Em um caminho sem volta, sempre rumo ao topo, o rapper conseguiu neste curto espaço de tempo passar de um produtor promissor e um cantor desacreditado pelos selos de músicas a um dos maiores ícones Pop atuais. Seu apelo e alcance expandem-se além da música, mas, mesmo assim, Kanye é louvado e respeito pelo que ele fez e faz dentro do Hip Hop. A história de seu debut, o início de seu reinado, conta muito sobre a pessoa que West é, no que ele se tornou e que muitos questionamentos acerca do conteúdo lírico de Yeezus – orgia, poder, riqueza-, tem um certo fundamento, independente de sua qualidade musical.

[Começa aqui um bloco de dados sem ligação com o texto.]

(* The automorphism group $\Gamma(S)$ of the separation relation $S$ on $\mathbb Q\times\mathbb Z$ consists exactly of \begin{itemize} \item all positive permutations of $\mathbb Q\times\mathbb Z$ that initiate a permutation $h$ of $\mathbb Q$ of rotation type, and \item all negative permutations of $\mathbb Q\times\mathbb Z$ that initiate a permutation $h$ of $\mathbb Q$ of reflection type. \end{itemize}
   Context: $\mathbb Q\times\mathbb Z$ denotes the set $\mathbb Q\times\mathbb Z$ with the lexicographic order: $(r,z)<(r',z')$ iff $r<r'$, or $r=r'$ and $z<z'$. Relations defined by order formulas are interpreted on $\mathbb Q\times\mathbb Z$ by the same formulas: $B(a,b,c)\iff(a<b<c)\vee(a>b>c)$ and $S(a,b,c,d)\iff(B(a,b,c)\vee B(a,d,c))\wedge(B(b,a,d)\vee B(b,c,d))$; $\Gamma(R)$ is the group of permutations of $\mathbb Q\times\mathbb Z$ preserving $R$. A vertical is a set $\{r\}\times\mathbb Z$. A permutation $g$ is systemic if it maps every vertical onto a vertical; it initiates the permutation $h$ of $\mathbb Q$ with $g(\{a\}\times\mathbb Z)=\{h(a)\}\times\mathbb Z$. A systemic permutation is positive if it preserves the order on each vertical and negative if it reverses the order on each vertical. A section of $\mathbb Q$ is a pair $\{I_1,I_2\}$ with $I_1\cup I_2=\mathbb Q$, $I_1\cap I_2=\emptyset$, and $a<b$ for all $a\in I_1,b\in I_2$ (one of them may be empty). A permutation $h$ of $\mathbb Q$ is of rotation type if for some section $\{I_1,I_2\}$, $h$ is increasing on $I_1$ and on $I_2$ and $h(a)>h(b)$ for all $a\in I_1$, $b\in I_2$; it is of reflection type if for some section $\{I_1,I_2\}$, $h$ is decreasing on $I_1$ and on $I_2$ and $h(a)<h(b)$ for all $a\in I_1$, $b\in I_2$. (The automorphism group of $\langle\mathbb Q,S\rangle$ is the set of permutations of $\mathbb Q$ of rotation or reflection type.) *)

From mathcomp Require Import all_boot all_order all_algebra.
Set Implicit Arguments. Unset Strict Implicit. Unset Printing Implicit Defensive.
Import Order.TTheory GRing.Theory Num.Theory.
Local Open Scope ring_scope.

Definition QZ := (rat * int)%type.

Definition qz_lt (p q : QZ) : Prop :=
  p.1 < q.1 \/ (p.1 = q.1 /\ p.2 < q.2).

Definition Bqz (a b c : QZ) : Prop :=
  (qz_lt a b /\ qz_lt b c) \/ (qz_lt b a /\ qz_lt c b).

Definition Sqz (a b c d : QZ) : Prop :=
  (Bqz a b c \/ Bqz a d c) /\ (Bqz b a d \/ Bqz b c d).

Definition preserves4 (R : QZ -> QZ -> QZ -> QZ -> Prop) (g : QZ -> QZ) : Prop :=
  forall a b c d, R a b c d <-> R (g a) (g b) (g c) (g d).

(* g is systemic and initiates h: g maps each vertical {r} x Z onto {h r} x Z *)
Definition initiates (g : QZ -> QZ) (h : rat -> rat) : Prop :=
  forall r : rat,
    (forall z : int, (g (r, z)).1 = h r) /\
    (forall z' : int, exists z : int, g (r, z) = (h r, z')).

Definition positive_on_verticals (g : QZ -> QZ) : Prop :=
  forall (r : rat) (z z' : int), z < z' -> (g (r, z)).2 < (g (r, z')).2.

Definition negative_on_verticals (g : QZ -> QZ) : Prop :=
  forall (r : rat) (z z' : int), z < z' -> (g (r, z')).2 < (g (r, z)).2.

(* A section {I1, I2} of Q: I1 is the lower part (downward closed),
   I2 its complement; either may be empty. *)
Definition lower_cut (I1 : rat -> Prop) : Prop :=
  forall a b : rat, I1 b -> a < b -> I1 a.

Definition rotation_type (h : rat -> rat) : Prop :=
  bijective h /\
  exists I1 : rat -> Prop, lower_cut I1 /\
    (forall a b, I1 a -> I1 b -> a < b -> h a < h b) /\
    (forall a b, ~ I1 a -> ~ I1 b -> a < b -> h a < h b) /\
    (forall a b, I1 a -> ~ I1 b -> h b < h a).

Definition reflection_type (h : rat -> rat) : Prop :=
  bijective h /\
  exists I1 : rat -> Prop, lower_cut I1 /\
    (forall a b, I1 a -> I1 b -> a < b -> h b < h a) /\
    (forall a b, ~ I1 a -> ~ I1 b -> a < b -> h b < h a) /\
    (forall a b, I1 a -> ~ I1 b -> h a < h b).

(* In a linear order the separation relation S depends only on the cyclic orientation of
   triples, up to reversal: if two orders have the same S, then on four distinct points they
   agree on the orientation of (b, c, d) iff they agree on (a, b, c), and chains through fresh
   points spread this to all triples.  Hence if g preserves S, the pulled-back order
   p <' q := g p < g q has the same orientation as <, or the reverse one.  An order with the
   same orientation as < is a cut rotation of it: the points y below some x with x <' y form
   a lower set D, and <' puts the complement of D below D, keeping < inside each part.
   On Q x Z every point has an immediate successor on its vertical; this forces D to be a
   union of verticals and g (r, z + 1) to be the successor of g (r, z), so g translates
   verticals onto verticals and initiates a rotation.  The reversed case reduces to this one
   through (r, z) |-> (-r, -z).  Conversely, cut rotations preserve S.  The facts about at
   most four points are decided by computation over their possible order types (rank
   patterns). *)

From mathcomp Require Import all_boot all_order all_algebra.
From mathcomp Require Import zify.
From Stdlib Require Import ClassicalEpsilon.
Set Implicit Arguments. Unset Strict Implicit. Unset Printing Implicit Defensive.
Import Order.TTheory GRing.Theory Num.Theory.

Definition asbool (P : Prop) : bool := if excluded_middle_informative P then true else false.

Lemma asboolP (P : Prop) : reflect P (asbool P).
Proof. by rewrite /asbool; case: excluded_middle_informative => H; constructor. Qed.

Section OrderRelations.
Variable T : Type.
Implicit Types (R : rel T) (D : pred T).

Definition betweenb R a b c := (R a b && R b c) || (R b a && R c b).

Definition sepb R a b c d :=
  (betweenb R a b c || betweenb R a d c) && (betweenb R b a d || betweenb R b c d).

Definition cyclicb R a b c := [|| R a b && R b c, R b c && R c a | R c a && R a b].

Definition cyclic_agree R1 R2 a b c := cyclicb R1 a b c == cyclicb R2 a b c.

Definition down_closed R D := forall x y, R x y -> D y -> D x.

Definition cut_rotate R D : rel T :=
  fun x y => (~~ D x && D y) || ((D x == D y) && R x y).

Lemma betweenb_converse R a b c : betweenb (fun x y => R y x) a b c = betweenb R a b c.
Proof. by rewrite /betweenb orbC. Qed.

Lemma sepb_converse R a b c d : sepb (fun x y => R y x) a b c d = sepb R a b c d.
Proof. by rewrite /sepb !(betweenb_converse R). Qed.

End OrderRelations.

Definition strict_total (T : eqType) (lt : rel T) :=
  [/\ irreflexive lt, transitive lt & forall x y, x != y -> lt x y || lt y x].

Section StrictTotal.
Variables (T : eqType) (lt : rel T).
Hypothesis lt_total : strict_total lt.

Lemma sto_irr x : lt x x = false. Proof. by case: lt_total. Qed.

Lemma sto_trans x y z : lt x y -> lt y z -> lt x z.
Proof. by case: lt_total => _ tr _; apply: tr. Qed.

Lemma sto_asym x y : lt x y -> lt y x = false.
Proof. by move=> xy; apply/negbTE/negP => /(sto_trans xy); rewrite sto_irr. Qed.

Lemma sto_neq x y : lt x y -> x != y.
Proof. by apply: contraTneq => ->; rewrite sto_irr. Qed.

Lemma sto_connex x y : x != y -> ~~ lt x y -> lt y x.
Proof. by case: lt_total => _ _ tot /tot; case: (lt x y). Qed.

Lemma sto_converse : strict_total (fun x y => lt y x).
Proof.
split=> [x|y x z /= yx zy|x y /=]; [exact: sto_irr | exact: sto_trans zy yx |].
by rewrite eq_sym; case: lt_total => _ _; apply.
Qed.

End StrictTotal.

Lemma strict_total_pullback (A T : eqType) (f : A -> T) (lt : rel T) :
  injective f -> strict_total lt -> strict_total (fun x y => lt (f x) (f y)).
Proof.
move=> f_inj lt_total; split=> [x|y x z|x y neq] /=; first exact: sto_irr.
  exact: sto_trans.
by case: lt_total => _ _; apply; apply: contra neq => /eqP/f_inj ->.
Qed.

Fixpoint words (A : Type) (alph : seq A) (k : nat) : seq (seq A) :=
  if k is k'.+1 then [seq a :: w | a <- alph, w <- words alph k'] else [:: [::]].

Lemma mem_words (A : eqType) (alph : seq A) k s :
  (s \in words alph k) = (size s == k) && all (mem alph) s.
Proof.
elim: k s => [|k IH] [|a s] //=.
  by apply/allpairsP => -[[b w] []].
apply/allpairsP/andP => [[[b w] [/= b_in]]|[/= sk /andP[a_in s_in]]].
  by rewrite IH => /andP[/eqP <- w_in] [-> ->]; rewrite eqxx /= b_in.
by exists (a, s); rewrite IH -eqSS sk s_in.
Qed.

Definition rank_rel (s : seq nat) : rel nat := fun i j => nth 0 s i < nth 0 s j.

Section OrderType.
Variables (T : eqType) (lt : rel T).
Hypothesis lt_total : strict_total lt.

Definition order_type (s : seq T) : seq nat := [seq count (lt^~ x) s | x <- s].

Lemma count_lt_mono s x y : x \in s -> lt x y -> count (lt^~ x) s < count (lt^~ y) s.
Proof.
move=> x_in xy.
have le_x_sub : subpred (predU (lt^~ x) (pred1 x)) (lt^~ y).
  by move=> z /orP[zx | /eqP ->] //; apply: (sto_trans lt_total zx).
have no_overlap : count (predI (lt^~ x) (pred1 x)) s = 0.
  by apply/eqP; rewrite -leqn0 leqNgt -has_count; apply/hasPn => z _ /=; rewrite andbC;
     case: eqP => // ->; rewrite (sto_irr lt_total).
have := count_predUI (lt^~ x) (pred1 x) s.
have := sub_count le_x_sub s.
have : 0 < count (pred1 x) s by rewrite -has_count; apply/hasP; exists x; rewrite /= ?eqxx.
lia.
Qed.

Poucos sabem, mas Kanye produziu um dos discos mais famosos de Jay-Z, The Blue Print. Nele, o estilo de composição (retoques e criação de batidas melódico e cheio de Soul) chamou atenção de todos em 2001. Jay estava em um período desacreditado, enfrentando julgamentos criminais por posse de armas e agressão, e o trabalho que se tornaria um dos melhores de sua carreira, mudaria de novo a vida deste outro rapper, que curiosamente viria a dividir o trono com West. No entanto, mesmo demonstrando as incríveis habilidades de produção de Kanye, não acompanhou o respeito no sentido que este desejava: ninguém queria investir nos raps de West.

Batendo de porta em porta e sendo rejeitado por diversos selos, como Capitol Records, o rapper enfrentava recusas constantes em relação ao seu trabalho. O fato do Gangsta Rap estar no auge e seu estilo lírico e musical partir na direção oposta dificultavam ainda mais sua aceitação. Quando um contrato surgiu junto a Roc-A-Fella Records do seu parceiro Jay-Z, um fato mudaria toda a sua vida. Kanye se viu dormindo ao volante quando bateu seu carro após as gravações em um estúdio na Califórnia, no final de 2002. O acidente quase fatal o deixou com o maxilar destruído, levando-o a diversas cirurgias. Como cantar agora que seu instrumento de trabalho estava comprometido?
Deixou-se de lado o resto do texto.